'...All of us from the time we begin to think are on an Odyssey.'
These words of Romare Bearden particularly apply to the black enigmatic figure in his cycle of collages based on Homer's epic on exhibition at the Currier Museum of Art. Here in triumph, here in hell, here suspended in air trussed to a mast, here drowning, here with the sweet Nausicaa, the wily Circe, the aggrieved Penelope, he was a man of always in or on the edge of trouble, trouble (or wrath, or mourning) being his very name.
But that black cutout, puppet-like in the midst of Bearden's exquisite collage work--his sinuous shapes, his startling juxtapositions, his subtle layerings, the rhythms of his forms and colors--is also me, is everyone. Trouble is part of life, inevitably. Get used to it.
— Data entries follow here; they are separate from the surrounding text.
(* Let $\mathcal{P}$ be a grid polyomino with holes $\mathcal{H}_{ij}=[a_{ij},b_{ij}]$, $i\in[r]$, $j\in[s]$, and toric ideal $J_{\mathcal{P}}$. Let $f=f^+-f^-\in J_{\mathcal{P}}$ be a binomial, $V_+=\{v\in V(\mathcal{P}): x_v\mid f^+\}$, $V_-=\{v\in V(\mathcal{P}): x_v\mid f^-\}$. If $v\in V_+\cap\mathcal{L}_{i,j}$ for some $i\in[r]$, $j\in[s]$, then there exists $v'\in V_-\cap\mathcal{L}_{i,j}$.
   Context: A cell is $[a,a+(1,1)]$, $a\in\mathbb{N}^2$, with vertices $a,a+(1,0),a+(0,1),a+(1,1)$; a polyomino is a finite nonempty set of cells, any two joined by a sequence of cells in it with consecutive ones sharing an edge; $V(\mathcal{P})$ is the set of vertices of its cells; $S=\mathbb{K}[x_v\mid v\in V(\mathcal{P})]$, $\mathbb{K}$ a field. For $a=(a_1,a_2)\le b=(b_1,b_2)$ componentwise, $[a,b]=\{(p,q): a_1\le p\le b_1, a_2\le q\le b_2\}$. Grid polyomino: let $m,n\ge1$, $r,s\ge1$, and for $i\in[r]$, $j\in[s]$ let $a_{ij},b_{ij}\in\mathbb{N}^2$ with $1<(a_{ij})_1<(b_{ij})_1<m$, $1<(a_{ij})_2<(b_{ij})_2<n$, such that (1) for each $i$, $(a_{i\ell})_1=(a_{ik})_1$ and $(b_{i\ell})_1=(b_{ik})_1$ for all $\ell,k\in[s]$; (2) for each $j$, $(a_{\ell j})_2=(a_{kj})_2$ and $(b_{\ell j})_2=(b_{kj})_2$ for all $\ell,k\in[r]$; (3) $(a_{i+1,j})_1=(b_{ij})_1+1$ for $i\in[r-1]$ and $(a_{i,j+1})_2=(b_{ij})_2+1$ for $j\in[s-1]$. The grid polyomino $\mathcal{P}$ is the set of cells of $[(1,1),(m,n)]$ not contained in any $\mathcal{H}_{ij}=[a_{ij},b_{ij}]$; the holes of $\mathcal{P}$ are the sets of cells of the $\mathcal{H}_{ij}$, with lower left corner $a_{ij}$. Toric ideal: set $\mathcal{F}_{i,j}=\{(x,y)\in V(\mathcal{P}): x\le (a_{ij})_1,\ y\le (a_{ij})_2\}$. A horizontal edge interval is a set $\{(t,y):p\le t\le q\}$ with each $\{(t,y),(t+1,y)\}$, $p\le t<q$, an edge of a cell of $\mathcal{P}$; maximal if not strictly contained in another; vertical analogously. Each $a\in V(\mathcal{P})$ lies in a unique maximal horizontal edge interval $H(a)$ and maximal vertical one $V(a)$. With variables $h_H,v_V$ for maximal edge intervals and $w_{i,j}$, define $\varphi(x_a)=h_{H(a)}v_{V(a)}\prod_{(i,j):a\in\mathcal{F}_{i,j}}w_{i,j}$; $J_{\mathcal{P}}=\ker\varphi$. Finally $\mathcal{L}_{i,j}=\mathcal{F}_{i,j}\setminus\bigcup\{\mathcal{F}_{k,h}: k\le i,\ h\le j,\ (k,h)\ne(i,j)\}$. *)

From HB Require Import structures.
From mathcomp Require Import all_boot all_order all_algebra.
From mathcomp Require Import mpoly.
Set Implicit Arguments. Unset Strict Implicit. Unset Printing Implicit Defensive.
Import GRing.Theory.
Local Open Scope ring_scope.

(* Points of N^2 are pairs of nats; a cell is identified by its lower-left
   corner c, i.e. the cell [c, c+(1,1)]. *)

Section Grid.
Variables (m n r s : nat) (a b : 'I_r -> 'I_s -> nat * nat).

(* Grid polyomino hypotheses (coordinates with 1-based [r],[s] replaced by
   0-based ordinals 'I_r, 'I_s). *)
Definition grid_hyp : Prop :=
  [/\ (1 <= m)%N, (1 <= n)%N, (1 <= r)%N & (1 <= s)%N] /\
  (forall i j, 1 < (a i j).1 < (b i j).1 /\ (b i j).1 < m)%N /\
  (forall i j, 1 < (a i j).2 < (b i j).2 /\ (b i j).2 < n)%N /\
  (forall i l k, (a i l).1 = (a i k).1 /\ (b i l).1 = (b i k).1) /\
  (forall j l k, (a l j).2 = (a k j).2 /\ (b l j).2 = (b k j).2) /\
  (forall (i i' : 'I_r) j, val i' = (val i).+1 -> (a i' j).1 = ((b i j).1).+1) /\
  (forall i (j j' : 'I_s), val j' = (val j).+1 -> (a i j').2 = ((b i j).2).+1).

Definition cell_in (c p q : nat * nat) : bool :=
  [&& (p.1 <= c.1)%N, (c.1.+1 <= q.1)%N, (p.2 <= c.2)%N & (c.2.+1 <= q.2)%N].

Definition inP (c : nat * nat) : bool :=
  cell_in c (1, 1)%N (m, n) && ~~ [exists i, exists j, cell_in c (a i j) (b i j)].

Definition inV (v : nat * nat) : bool :=
  [|| inP v,
      (0 < v.1)%N && inP (v.1.-1, v.2),
      (0 < v.2)%N && inP (v.1, v.2.-1) |
      [&& (0 < v.1)%N, (0 < v.2)%N & inP (v.1.-1, v.2.-1)]].

(* {(t,y),(t+1,y)} is an edge of a cell of P *)
Definition hedge (t y : nat) : bool :=
  inP (t, y) || ((0 < y)%N && inP (t, y.-1)).
(* {(x,t),(x,t+1)} is an edge of a cell of P *)
Definition vedge (x t : nat) : bool :=
  inP (x, t) || ((0 < x)%N && inP (x.-1, t)).

(* All vertices of P lie in [0,m] x [0,n]. *)
Definition VT := ('I_m.+1 * 'I_n.+1)%type.
Definition pt (v : VT) : nat * nat := (val v.1, val v.2).

(* H(v): the maximal horizontal edge interval containing v, i.e. the set of
   points (t, v_2) such that every {(t',v_2),(t'+1,v_2)} between t and v_1 is an
   edge of a cell of P. *)
Definition Hint (v : VT) : {set VT} :=
  [set u : VT | (val u.2 == val v.2) &&
     [forall t : 'I_m.+1, ((minn (val u.1) (val v.1) <= t)%N &&
                           (t < maxn (val u.1) (val v.1))%N) ==> hedge t (val v.2)]].
(* V(v): the maximal vertical edge interval containing v. *)
Definition Vint (v : VT) : {set VT} :=
  [set u : VT | (val u.1 == val v.1) &&
     [forall t : 'I_n.+1, ((minn (val u.2) (val v.2) <= t)%N &&
                           (t < maxn (val u.2) (val v.2))%N) ==> vedge (val v.1) t]].

Definition inF (i : 'I_r) (j : 'I_s) (v : nat * nat) : bool :=
  [&& inV v, (v.1 <= (a i j).1)%N & (v.2 <= (a i j).2)%N].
What did you artists of this weekend say to me? From Sibelius' 2nd Symphony on Friday building through constant iterations to a triumph tremendous but exhausted, to the man on the run in Khemiri's Invasion Saturday, to Bearden's hero yesterday for whom the only trouble worse than going home would be not doing so, what did I hear you saying?
A friend said to me recently 'I need to find a way to engage with life.' In spite of trouble, perhaps because of trouble, these artists found engagement in the expression of particular odysseys, each one ultimately their own. Could that be for you, my friend?